Elinor looked doubtful but, since neither of her elder daughters or their swains offered any objection, decided it would have to be.
"Edward can see me to my carriage, however," Theo said. He had an answer to give her.
Edward handed her into the town chaise with the Stoneridge arms emblazoned on the panels.
"Well?" When he didn't immediately respond, she said blandly, "I'll have to go without you if you won't come."
"And I'll tell Stoneridge what you're up to," he fired back.
"You don't seriously expect me to believe that, do you?"
Edward sighed. It was, of course, inconceivable he should do such a thing. "Very well," he said with obvious reluctance. "I'll wait at the corner of Curzon Street in the morning."
"Bless you. I knew you hadn't changed that much." Theo kissed him soundly. Edward closed the door, and the coachman set his horses in motion.
While his wife was busily plotting at the Vanbrughs' rout party, the Earl of Stoneridge was at White's, playing faro at the same table as Neil Gerard. The bottles of burgundy circulated as the groom porters intoned the odds at the hazard tables, and voices rose and fell in various degrees of inebriation as the evening moved into the early hours.
Neil was playing with a degree of flamboyance, but like the earl's, his glass was always full but rarely enriched by the circulating bottles.
The earl was talking to Gerard about his imprisonment in Toulouse. His plan was a simple one, but what he knew of Neil Gerard made it certain to succeed. The man had no strength of character or will, and he was already panicked. Sylvester was going to drive him to the breaking point. He was going to corner him and goad him until he spilled his guts to whoever happened to be around.
Sylvester's tone made light of his prison experience, as the rules of masculine society dictated, and he gave the appearance of a man chatting with an old friend about something they both understood. Now and again he would muse aloud about what could have happened before he surrendered. His tone was low enough to be heard only by Neil Gerard, but it was also clear to the captain that he wasn't unduly bothered by the subject's being aired in public
Once or twice a curious look was cast in their direction when a word or two was overheard, and Sylvester would immediately include the man in his conversation, which again he made sound as if it were perfectly innocuous.
It became clear to Gerard that this was not the man at the court-martial – a man confused and shamed by an implicit accusation against which he had no defense. And Gerard began to feel like the hunted. Only by reminding himself of his plan could he keep the panicky flutters from obscuring cool thought.
Sylvester finally rose from the table, several hundred guineas ahead of himself. "A better night next time," he commiserated with Gerard, who had been scrawling IOUs to the bank for the last half hour.
"Oh, I'll come about yet," Neil said, remaining in his seat. "The night is young."
"So it is," Sylvester said. "For some." He smiled, and Neil had a sudden vivid picture of Lady Stoneridge as she'd been in the Fisherman's Rest, vibrant, bubbling with sensuality. And as she'd been that morning, laughing white teeth, sparkling eyes, red lips. And how she'd be in the morning, when they drove to Hampton Court.

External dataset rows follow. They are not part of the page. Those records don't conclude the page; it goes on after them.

Lemma field_fracE A : subring A -> is_field A <-> eqset A (fracset A).
Proof.
move=> hA; split=> [[_ Ainv] x|e]; first split; first exact: frac_mem.
  by case=> a [b [Aa Ab b0 ->]]; apply: subringM hA Aa (Ainv _ Ab b0).
split => // x Ax x0; apply/e; exists 1, x; split; rewrite ?mul1r //; exact: subring1 hA.
Qed.

Lemma AV_domainE A : subring A -> AV_domain A <-> root_valuation A (fracset A).
Proof.
move=> hA; split=> [[_ hAV] _ [a [b [Aa Ab b0 ->]]] ab0|hrv].
  have a0 : a != 0 by apply: contraNneq ab0 => ->; rewrite mul0r.
  have [n [n0 [[c [Ac e]]|[c [Ac e]]]]] := hAV a b Aa Ab a0 b0; exists n; split => //.
  - by right; rewrite invf_div expr_div_n e mulrAC divff ?mul1r // expf_neq0.
  - by left; rewrite expr_div_n e mulrAC divff ?mul1r // expf_neq0.
split => // a b Aa Ab a0 b0.
have Fba : fracset A (b / a) by exists b, a.
have [n [n0 [ba|ab]]] := hrv _ Fba (mulf_neq0 b0 (invr_neq0 a0)); exists n; split => //.
- by left; exists ((b / a) ^+ n); split => //; rewrite expr_div_n mulrC divfK // expf_neq0.
- right; exists ((b / a)^-1 ^+ n); split => //.
  by rewrite invf_div expr_div_n mulrC divfK // expf_neq0.
Qed.

Lemma field_AV_domain A : is_field A -> AV_domain A.
Proof.
case=> hA Ainv; split => // a b Aa Ab a0 b0; exists 1%N; split => //; left.
by exists (a^-1 * b); split; [exact: subringM hA (Ainv _ Aa a0) Ab | rewrite !expr1 mulVKf].
Qed.

Lemma root_valuation_frac A K : subring A -> is_field K -> incl A K ->
  root_valuation A K <-> AV_domain A /\ root_ext (fracset A) K.
Proof.
move=> hA hK AK; rewrite AV_domainE //; split=> [hrv|[hrv hroot] x Kx x0].
  split=> [x Fx|x Kx]; first exact: hrv x (frac_sub hK AK Fx).
  have [->|x0] := eqVneq x 0.
    by exists 1%N; rewrite expr1; split => //; exact: (frac_mem hA (subring0 hA)).
  have [n [n0 [An|Ani]]] := hrv x Kx x0; exists n; split => //; first exact: (frac_mem hA An).
  exists 1, (x^-1 ^+ n); split; rewrite ?expf_neq0 ?invr_eq0 //; first exact: subring1 hA.
  by rewrite exprVn invrK mul1r.
have [n [n0 Fxn]] := hroot x Kx.
have [k [k0 [Ak|Ak]]] := hrv _ Fxn (expf_neq0 n x0); exists (n * k)%N.
  by rewrite muln_gt0 n0 k0 exprM; split => //; left.
by rewrite muln_gt0 n0 k0 !exprM exprVn; split => //; right.
Qed.

(* If x/y is integral over A, then so is y^-1 = (1 + x/y) (x + y)^-1, which then lies in A. *)
Lemma root_valuation_nonunitD A K x y : subring A -> is_field K -> incl A K ->
  root_valuation A K -> A x -> A y -> ~ unit_in A x -> ~ unit_in A y -> ~ unit_in A (x + y).
Proof.
move=> hA [hK Kinv] AK hrv Ax Ay nx ny [s0 As].
wlog Ixy : x y Ax Ay nx ny s0 As / integral A (x / y).
  move=> hw; have [x0|x0] := eqVneq x 0; first by apply: ny; rewrite x0 add0r in s0 As.
  have [y0|y0] := eqVneq y 0; first by apply: nx; rewrite y0 addr0 in s0 As.
  have Kxy : K (x / y) by apply: subringM hK (AK _ Ax) (Kinv _ (AK _ Ay) y0).
  have [n [n0 [Axy|Ayx]]] := hrv _ Kxy (mulf_neq0 x0 (invr_neq0 y0)).
    exact: (hw x y) (integral_root hA n0 Axy).
  rewrite invf_div in Ayx; rewrite addrC in s0 As.
  exact: (hw y x) (integral_root hA n0 Ayx).
have y0 : y != 0 by apply/eqP => e; apply: nx; rewrite e addr0 in s0 As.
apply: ny; split => //; apply: (integral_inv_mem hA Ay y0).
have -> : y^-1 = (1 + x / y) * (x + y)^-1 by field; rewrite s0 y0.
exact: (integralM hA (integralD hA (integral_mem hA (subring1 hA)) Ixy) (integral_mem hA As)).
Qed.

Lemma root_valuation_intclos A K : subring A -> is_field K -> incl A K ->
  root_valuation A K <->
  [/\ valuation_domain (intclos A K), eqset (fracset (intclos A K)) K &
       root_ext A (intclos A K)].
Proof.
move=> hA hKf AK; have [hK Kinv] := hKf.
have hDt := intclos_subring hA hK.
have Dt_of x n : K x -> (0 < n)%N -> A (x ^+ n) -> intclos A K x.
  by move=> Kx n0 Axn; split => //; apply: integral_root hA n0 Axn.
have fracK := frac_sub hKf (fun x (Dx : intclos A K x) => Dx.1).
split=> [hrv|[[_ hval] efrac hroot] x Kx x0].
  split.
  - split => // x Fx x0; have Kx := fracK x Fx.
    have [n [n0 [Axn|Axin]]] := hrv x Kx x0; [left | right].
      exact: Dt_of Kx n0 Axn.
    exact: Dt_of (Kinv _ Kx x0) n0 Axin.
  - move=> x; split=> [Fx|Kx]; first exact: fracK x Fx.
    have [->|x0] := eqVneq x 0; first exact: (frac_mem hDt (subring0 hDt)).
    have [n [n0 [Axn|Axin]]] := hrv x Kx x0.
      exact: (frac_mem hDt (Dt_of x n Kx n0 Axn)).
    exists 1, x^-1; split; rewrite ?invrK ?mul1r ?invr_eq0 //; first exact: subring1 hDt.
    exact: Dt_of (Kinv _ Kx x0) n0 Axin.
  - move=> s Ds; have [->|s0] := eqVneq s 0.
      by exists 1%N; rewrite expr1; split => //; apply: subring0 hA.
    have [n [n0 [Asn|Asin]]] := hrv s Ds.1 s0; exists n; split => //.
    rewrite -[s ^+ n]invrK -exprVn; apply: integral_inv_mem hA Asin _ _.
      by rewrite expf_neq0 ?invr_eq0.
    by rewrite exprVn invrK; exact: (subringX n hDt Ds).2.
have [Dx|Dxi] := hval x (proj2 (efrac x) Kx) x0.
  by have [n [n0 Axn]] := hroot x Dx; exists n; split => //; left.
by have [n [n0 Axn]] := hroot _ Dxi; exists n; split => //; right.
Qed.
Lemma dist_shift_in_long_tail s : k <= size c ->
  (forall z, z + k <= size c -> d <= count (nth false c) (iota z k)) ->
  k + ell d <= s -> s + k < N -> d <= dist s.
Proof.
move=> k_le_c W s_ge s_lt.
apply: leq_trans (count_iota_sub _ (a' := 0) (b' := k) _ _); [|lia..].
have := count_window_pad_ones (d := d) (k := k) (c := c) (z := s - (k + ell d))
  (ltac:(lia)) W (ltac:(lia)).
rewrite count_iota_shift => /leq_trans; apply; apply/eq_leq/eq_count_iota => j ?.
eval_nth; rewrite ?nth_cat ?size_nseq ?nth_nseq; repeat case: ifP => ?; try lia; try done.
by rewrite eqbF_neg negbK; congr nth; lia.
Qed.

Lemma dist_shift_in_short_tail s : size c < k ->
  k + ell d <= s -> s + k < N -> d <= dist s.
Proof.
move=> c_lt_k s_ge s_lt; move Et : (s - (k + ell d)) => t; move Eq : (N - (s + k)) => q.
rewrite (count_iota_cut _ _ (m := k)) ?add0n; last by lia.
(* [t + q < 2 d] because the payload is shorter than [k]: the guards always put a one
   against [0^k], and two of them once [u] is compared past its second block. *)
have ones : (d - t) + (d - q) <= count (mismatch d k c s) (iota 0 k).
  apply: leq_trans (count_iota_sub2 _ (a1 := 0) (b1 := d - t)
    (a2 := k - (d - q)) (b2 := d - q) _ _); [|lia..].
  by rewrite !count_iota_all => [|j ?|j ?]; [lia|eval_nth|eval_nth].
have uvec_zeros o : q <= o <= ell d ->
    count u (iota o (ell d - o)) <= count (mismatch d k c s) (iota k (k + ell d - k)).
  move=> /andP[q_le_o o_le].
  apply: leq_trans (count_iota_sub _ (a' := k + o) (b' := ell d - o) _ _); [|lia..].
  rewrite iotaDl count_map; apply/eq_leq/eq_count_iota => j ? /=; eval_nth.
  by rewrite eq_sym eqbF_neg negbK; congr nth; lia.
have [q_le_d|d_lt_q] := leqP q d.
  have := uvec_zeros d (ltac:(lia)); have := uvec_weight_after_ones d_gt0; lia.
have := double_le_ell (d := d) (ltac:(lia)) => two_d_le.
have := uvec_zeros (2 * d) (ltac:(lia)).
have := uvec_weight_after_two_blocks (d := d) (ltac:(lia)); lia.
Qed.

Lemma dist_ge s : 0 < s < N ->
  (size c < k \/ forall z, z + k <= size c -> d <= count (nth false c) (iota z k)) ->
  d <= dist s.
Proof.
move=> /andP[s_gt0 s_lt_N] W.
have [s_lt_k|k_le_s] := ltnP s k; first by apply: dist_shift_lt_k; rewrite s_gt0.
have [s_lt_kl|kl_le_s] := ltnP s (k + ell d); first exact: dist_shift_in_uvec.
have [near_end|far] := ltnP N (s + d); first exact: dist_shift_near_end.
have [ends_in_zeros|s_lt] := leqP N (s + k); first exact: dist_tail_ones_in_zeros.
have [c_lt_k|k_le_c] := ltnP (size c) k; first exact: dist_shift_in_short_tail.
by apply: dist_shift_in_long_tail => //; case: W => //; lia.
Qed.

End Mismatches.

Lemma dH_window x y i m : size y = m -> i.-1 + m <= size x ->
  dH (window x i m) y =
  count (fun j => nth false x (i.-1 + j) != nth false y j) (iota 0 m).
Proof.
move=> size_y fits; rewrite window_nth // -[X in dH _ X](mkseq_nth false y) size_y.
by rewrite -[in iota i.-1 m](addn0 i.-1) iotaDl -map_comp dH_map.
Qed.

Theorem theorem9 (dm n k : nat) (CH : seq bool -> Prop) :
  1 <= dm -> ell dm <= k -> k + ell dm + 2 * dm <= n ->
  (forall c, CH c -> size c = n - k - ell dm - 2 * dm /\ WWL dm k c) ->
  prefix_synchronized n (k + ell dm) (C2 k dm CH)
    (fun h => h = nseq k false ++ uvec dm) dm.
Proof.
move=> dm_gt0 ell_le_k n_ge CH_spec.
have size_word c : CH c -> size (codeword dm k c) = n.
  by case/CH_spec => size_c _; rewrite size_codeword; lia.
split; first by move=> _ [c [CHc ->]]; apply: size_word.
split; first by move=> _ ->; apply: size_header.
split; first lia.
move=> _ _ i [c [CHc ->]] -> /andP[i_ge2 i_le_n].
have [size_c /WWL_count W] := CH_spec c CHc.
change (dm <= dH (window (codeword dm k c ++ header dm k) i (k + ell dm)) (header dm k)).
rewrite dH_window ?size_header //; last by rewrite size_cat size_word // size_header; lia.
apply: dist_ge => //; rewrite size_c; lia.
Qed.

"Of course, marriage offers inducements for an early night," he said.
"Oh, Stoneridge is still a bridegroom," a man bellowed jocularly from the far side of the table. "Won't last, dear fellow. I assure you."
"I can't argue with experience," Sylvester said with a mock bow. "Nevertheless, I bid you good night, gentlemen." He strolled off, and Neil Gerard settled down to his cards with a sigh of relief. Now he'd be able to concentrate.